Greetings, I would like to raise a very important topic, namely, creating a machine for working with minimal investment and as high efficiency as possible. Our goal is not to create a fake agent on top of our own and hide possible leaks, but to create a good, high-quality, new identity. (Our virtual machine is at least required to pass the Pafish test, as in the vaunted anti-detection)
We will build our machine on VirtualBox. After installation, we need to configure it.
Step 1. Install VirtualBox
-Download VirtualBox from the official website (https://www.virtualbox.org/wiki/Downloads)
- Perform a clean install of the latest version of VirtualBox.
Clean Tool - You must first remove any other versions of VirtualBox and restart Windows to complete the removal. This ensures that old VirtualBox files are not left in system memory or on disk. Unfortunately, the VirtualBox installation sometimes fails to perform a full uninstall without a reboot, so reboot after the uninstall.
- Start the installation and select the VirtualBox components to install, as shown in the image below.
Step 2. Creating a VM with the necessary configuration
In this example, we install and configure VirtualBox on a x64 PC with the full Windows 8.1 patch.
Create a new VM (in this example, it will be called "vm0", you can name it as you like) and configure it as follows:
Note: 2048 MB is optional, you can change or decrease this value as you see fit.
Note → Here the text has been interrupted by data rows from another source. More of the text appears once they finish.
Lemma bump_at (R : realType) (z : R) (vs : seq R) : exists g : R -> R,
  [/\ continuous g, exists M, forall u, `|g u| <= M & {in vs, forall v, g v = (v == z)%:R}].
Proof.
pose K := 1 + \sum_(v <- vs | v != z) `|v - z|^-1.
have K1 : 1 <= K by rewrite lerDl sumr_ge0 // => v _; rewrite invr_ge0.
exists ((cst 0 : R -> R^o) \max (fun u => 1 - K * `|u - z|)); split.
- move=> u; apply: continuous_max; first exact: cst_continuous.
  apply: continuousB; first exact: cst_continuous.
  apply: continuousM; first exact: cst_continuous.
  apply: (@continuous_comp _ _ _ (fun u => u - z) (fun u : R => `|u|)).
    by apply: continuousB; [exact: cvg_id|exact: cst_continuous].
  exact: norm_continuous.
- exists 1 => u /=; rewrite ger0_norm ?le_max ?lexx // ge_max ler01 /=.
  by rewrite lerBlDr lerDl mulr_ge0 // (le_trans ler01).
move=> v vs_v /=; have [->|vz] := eqVneq v z.
  by rewrite subrr normr0 mulr0 subr0 max_r ?ler01.
have vz0 : 0 < `|v - z| by rewrite normr_gt0 subr_eq0.
have Kv : 1 + `|v - z|^-1 <= K.
  rewrite /K lerD2l (big_rem v) //= vz lerDl.
  by rewrite sumr_ge0 // => w _; rewrite invr_ge0.
rewrite max_l // subr_le0; apply: le_trans (ler_wpM2r (ltW vz0) Kv).
by rewrite mulrDl mul1r mulVf ?gt_eqF // lerDr ltW.
Qed.

Section mass3.
Context (R : fieldType).

Definition mass3 (a1 a2 a3 w1 w2 w3 z : R) : R :=
  w1 * (a1 == z)%:R + w2 * (a2 == z)%:R + w3 * (a3 == z)%:R.

Variables (a1 a2 a3 w1 w2 w3 t1 t2 t3 z : R).

Lemma mass3C12 : mass3 a1 a2 a3 w1 w2 w3 z = mass3 a2 a1 a3 w2 w1 w3 z.
Proof. by rewrite /mass3; ring. Qed.

Lemma mass3C13 : mass3 a1 a2 a3 w1 w2 w3 z = mass3 a3 a2 a1 w3 w2 w1 z.
Proof. by rewrite /mass3; ring. Qed.

Lemma mass3_isolated : a2 != a1 -> a3 != a1 -> mass3 a1 a2 a3 w1 w2 w3 a1 = w1.
Proof.
by move=> /negbTE a21 /negbTE a31; rewrite /mass3 eqxx a21 a31 !mulr0 !addr0 mulr1.
Qed.

Lemma mass3_support :
  mass3 a1 a2 a3 w1 w2 w3 z != 0 -> [\/ z = a1, z = a2 | z = a3].
Proof.
rewrite /mass3; have [<-|_] := eqVneq a1 z; first by constructor 1.
have [<-|_] := eqVneq a2 z; first by constructor 2.
have [<-|_] := eqVneq a3 z; first by constructor 3.
by rewrite !mulr0 !addr0 eqxx.
Qed.

Lemma mass3_moment_shift :
  mass3 a1 a2 a3 (t1 * w1) (t2 * w2) (t3 * w3) z =
  mass3 a1 a2 a3 ((t1 - a1) * w1) ((t2 - a2) * w2) ((t3 - a3) * w3) z +
  z * mass3 a1 a2 a3 w1 w2 w3 z.
Proof.
rewrite /mass3.
by case: eqP => [->|_]; case: eqP => [->|_]; case: eqP => [->|_]; rewrite /=; ring.
Qed.

Let pair_charged (w w' t t' : R) :
  w != 0 -> t != t' -> w + w' != 0 \/ t * w + t' * w' != 0.
Proof.
move=> w0 tt'; have [ww'|] := eqVneq (w + w') 0; [right|by left].
have -> : w' = - w by apply/eqP; rewrite -addr_eq0 addrC ww'.
by rewrite mulrN -mulrBl mulf_neq0 // subr_eq0.
Qed.

(* Vanishing mass and moment at [z] would force a zero weight, or two points
   of the fibre of [z] sharing their [t]-value. *)
Lemma mass3_charged : w1 != 0 -> w2 != 0 -> w3 != 0 ->
  (a1 = a2 -> t1 != t2) -> (a1 = a3 -> t1 != t3) -> (a2 = a3 -> t2 != t3) ->
  ~ (a1 = a2 /\ a2 = a3) -> [\/ z = a1, z = a2 | z = a3] ->
  mass3 a1 a2 a3 w1 w2 w3 z != 0 \/
  mass3 a1 a2 a3 (t1 * w1) (t2 * w2) (t3 * w3) z != 0.
Proof.
move=> w10 w20 w30 i12 i13 i23 nflat za.
rewrite /mass3; case: (eqVneq a1 z) => [e1|n1]; case: (eqVneq a2 z) => [e2|n2];
  case: (eqVneq a3 z) => [e3|n3]; rewrite ?mulr1 ?mulr0 ?addr0 ?add0r.
- by exfalso; apply: nflat; split; congruence.
- by apply: pair_charged => //; apply: i12; congruence.
- by apply: pair_charged => //; apply: i13; congruence.
- by left.
- by apply: pair_charged => //; apply: i23; congruence.
- by left.
- by left.
- by case: za => e; [move: n1|move: n2|move: n3]; rewrite e eqxx.
Qed.

End mass3.

(* Equals [F (x, y1) + F (x, y3) - 2 * F (x, y2)] for [F = (\1_[set z] \o S) * W]. *)
Definition second_diff_mass (R : realType) (S W : R -> R -> R) (y1 y3 x z : R) : R :=
  mass3 (S x y1) (S x y3) (S x ((y1 + y3) / 2))
        (W x y1) (W x y3) (-2 * W x ((y1 + y3) / 2)) z.
Definition mon_eval (mu : monomial n m) (v : 'cV[R]_m) (x : 'cV[R]_n) : R :=
  (\prod_j v j 0 ^+ mu.1 j) * \prod_l (x l 0)^-1 ^+ mu.2 l.

Lemma mon_eval_gt0 mu v x : pos_vec v -> pos_vec x -> 0 < mon_eval mu v x.
Proof.
move=> v_gt0 x_gt0; apply: mulr_gt0; apply: prodr_gt0 => i _; apply: exprn_gt0 => //.
by rewrite invr_gt0.
Qed.

Lemma stoichE i j : stoich R alpha beta i j = (stoichZ alpha beta i j)%:~R.
Proof. by rewrite mxE /stoichZ intrB -!pmulrn. Qed.

Lemma principal_minor_expand (I : {set 'I_n}) v x :
  principal_minor (- jacJ alpha beta v x) I =
  \sum_(p : 'S_#|I|) \sum_(g : {ffun 'I_#|I| -> 'I_m})
     (term_coef alpha beta p g)%:~R * mon_eval (term_mon p g) v x.
Proof.
rewrite /principal_minor /determinant; apply: eq_bigr => p _.
rewrite (eq_bigr (fun a => \sum_j
   (- (stoichZ alpha beta (enum_val a) j * (alpha (enum_val (p a)) j)%:Z))%:~R *
   (v j 0 * (x (enum_val (p a)) 0)^-1))); last first.
  move=> a _; rewrite !mxE -sumrN; apply: eq_bigr => j _.
  by rewrite stoichE mulrNz intrM -pmulrn mulNr !mulrA.
rewrite bigA_distr_bigA mulr_sumr; apply: eq_bigr => g _.
rewrite /term_coef /mon_eval /term_mon /= !big_split /=.
rewrite (prod_card_preim g (fun j => v j 0)).
rewrite (prod_card_preim (fun a => enum_val (p a)) (fun l => (x l 0)^-1)).
rewrite rmorphM /= rmorph_prod /= rmorphXn /= rmorphN1 -!mulrA.
by congr (_ * (_ * (_ * _))); apply: eq_bigr => j _; rewrite ffunE.
Qed.

(* every monomial of [a_coef] has exponents at most [n], so it occurs in this list *)
Definition monomials : seq (monomial n m) :=
  [seq ([ffun j => nat_of_ord (f.1 j)], [ffun l => nat_of_ord (f.2 l)]) |
     f : ({ffun 'I_m -> 'I_n.+1} * {ffun 'I_n -> 'I_n.+1})%type].

Lemma monomials_uniq : uniq monomials.
Proof.
rewrite map_inj_uniq ?enum_uniq // => [[f1 f2] [g1 g2]] [/ffunP e1 /ffunP e2].
congr pair; apply/ffunP => i; apply: val_inj.
  by have := e1 i; rewrite !ffunE.
by have := e2 i; rewrite !ffunE.
Qed.

Lemma term_mon_in_monomials (I : {set 'I_n}) (p : 'S_#|I|) (g : {ffun 'I_#|I| -> 'I_m}) :
  term_mon p g \in monomials.
Proof.
have card_lt (A : pred 'I_#|I|) : (#|A| < n.+1)%N.
  rewrite ltnS; apply: leq_trans (max_card _) _.
  by rewrite card_ord; apply: leq_trans (max_card _) _; rewrite card_ord.
apply/mapP; exists ([ffun j => inord #|[set a | g a == j]|],
                   [ffun l => inord #|[set a | enum_val (p a) == l]|]); first by rewrite mem_enum.
by congr pair; apply/ffunP => i; rewrite !ffunE /= inordK // cardsE.
Qed.

Lemma a_coef_expand s v x : a_coef alpha beta s v x =
  \sum_(mu <- monomials) (a_poly_coef alpha beta s mu)%:~R * mon_eval mu v x.
Proof.
rewrite /a_coef /a_poly_coef.
transitivity (\sum_(I : {set 'I_n} | #|I| == s) \sum_(p : 'S_#|I|)
   \sum_(g : {ffun 'I_#|I| -> 'I_m}) \sum_(mu <- monomials)
     (if term_mon p g == mu then term_coef alpha beta p g else 0)%:~R * mon_eval mu v x).
  apply: eq_bigr => I _; rewrite principal_minor_expand.
  apply: eq_bigr => p _; apply: eq_bigr => g _.
  rewrite (bigD1_seq _ (term_mon_in_monomials p g) monomials_uniq) /= eqxx big1_seq ?addr0 //.
  by move=> mu /andP [ne _]; rewrite eq_sym (negPf ne) mul0r.
under eq_bigr => I _ do under eq_bigr => p _ do rewrite exchange_big.
under eq_bigr => I _ do rewrite exchange_big.
rewrite exchange_big; apply: eq_bigr => mu _.
rewrite rmorph_sum big_distrl; apply: eq_bigr => I _.
rewrite rmorph_sum big_distrl; apply: eq_bigr => p _.
by rewrite rmorph_sum big_distrl.
Qed.

Lemma a_coef_gt0 s (v1 v2 : 'cV[R]_m) (x1 x2 : 'cV[R]_n) :
  (forall mu, 0 <= a_poly_coef alpha beta s mu) ->
  pos_vec v1 -> pos_vec x1 -> pos_vec v2 -> pos_vec x2 ->
  a_coef alpha beta s v1 x1 != 0 -> 0 < a_coef alpha beta s v2 x2.
Proof.
move=> coef_ge0 v1_gt0 x1_gt0 v2_gt0 x2_gt0; rewrite !a_coef_expand.
have [/hasP [mu0 mu0_in coef0_neq0] _ | /hasPn coef0 ] :=
  boolP (has (fun mu => a_poly_coef alpha beta s mu != 0) monomials); last first.
  rewrite big1_seq ?eqxx // => mu /andP [_ /coef0].
  by rewrite negbK => /eqP ->; rewrite mul0r.
rewrite (bigD1_seq mu0) //= ?monomials_uniq //; apply: ltr_pwDl.
  by apply: mulr_gt0; [rewrite ltr0z lt_neqAle eq_sym coef0_neq0 coef_ge0 | exact: mon_eval_gt0].
apply: sumr_ge0 => mu _; apply: mulr_ge0; first by rewrite ler0z.
exact/ltW/mon_eval_gt0.
Qed.

End Expansion.

Section NetworkLemmas.
Variables (R : rcfType) (n m : nat) (alpha beta : 'M[nat]_(n, m)).

Lemma rates_gt0 (k : 'cV[R]_m) (x : 'cV[R]_n) : pos_vec k -> pos_vec x -> pos_vec (rates alpha k x).
Proof.
move=> k_gt0 x_gt0 j; rewrite mxE; apply: mulr_gt0 (k_gt0 j) _.
by apply: prodr_gt0 => i _; apply: exprn_gt0.
Qed.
Configuring a virtual disk
Note. 64 GB is not a requirement and is only used as an example, but again, some unconvincing malware attempts to detect a VM by the size of the hard disk, so please specify a reasonable size (> 32 GB).
After creating a VM (in our case vm0), open its configuration and make some changes.
System
On the "Motherboard" tab, make sure that APIC I / O is enabled. If you plan to use EFI, please read Appendix A: Using EFI VM.
On the Processor tab, make sure that PAE / NX is enabled. Also note that your VM must have at least TWO CPUs, because again the number of CPUs used by malware to determine the execution of the VM. So give the VM at least two CPUs.
On the Acceleration tab, set the paravirtualization interface to "Legacy" and enable VT-x / Nested Paging. The default paravirtualization interface allows a VM to detect the VirtualBox hypervisor by the "hypervisor presence bit" and the hypervisor name using the cpuid instruction. Switching the paravirtualization interface to "Legacy" effectively disables these vm-detect-friendly malware programs.
Display
On the "Screen" tab, disable 3D / 2D acceleration
Memory
storage configuration will look like
You can use the IDE controller instead of SATA, but we will assume that next time you will use SATA by default.
Network
Enable NAT for the VM so that you can use FTP-like programs to communicate with it, and the machine has access to the Internet (if you have one)
After all the settings are set, click OK.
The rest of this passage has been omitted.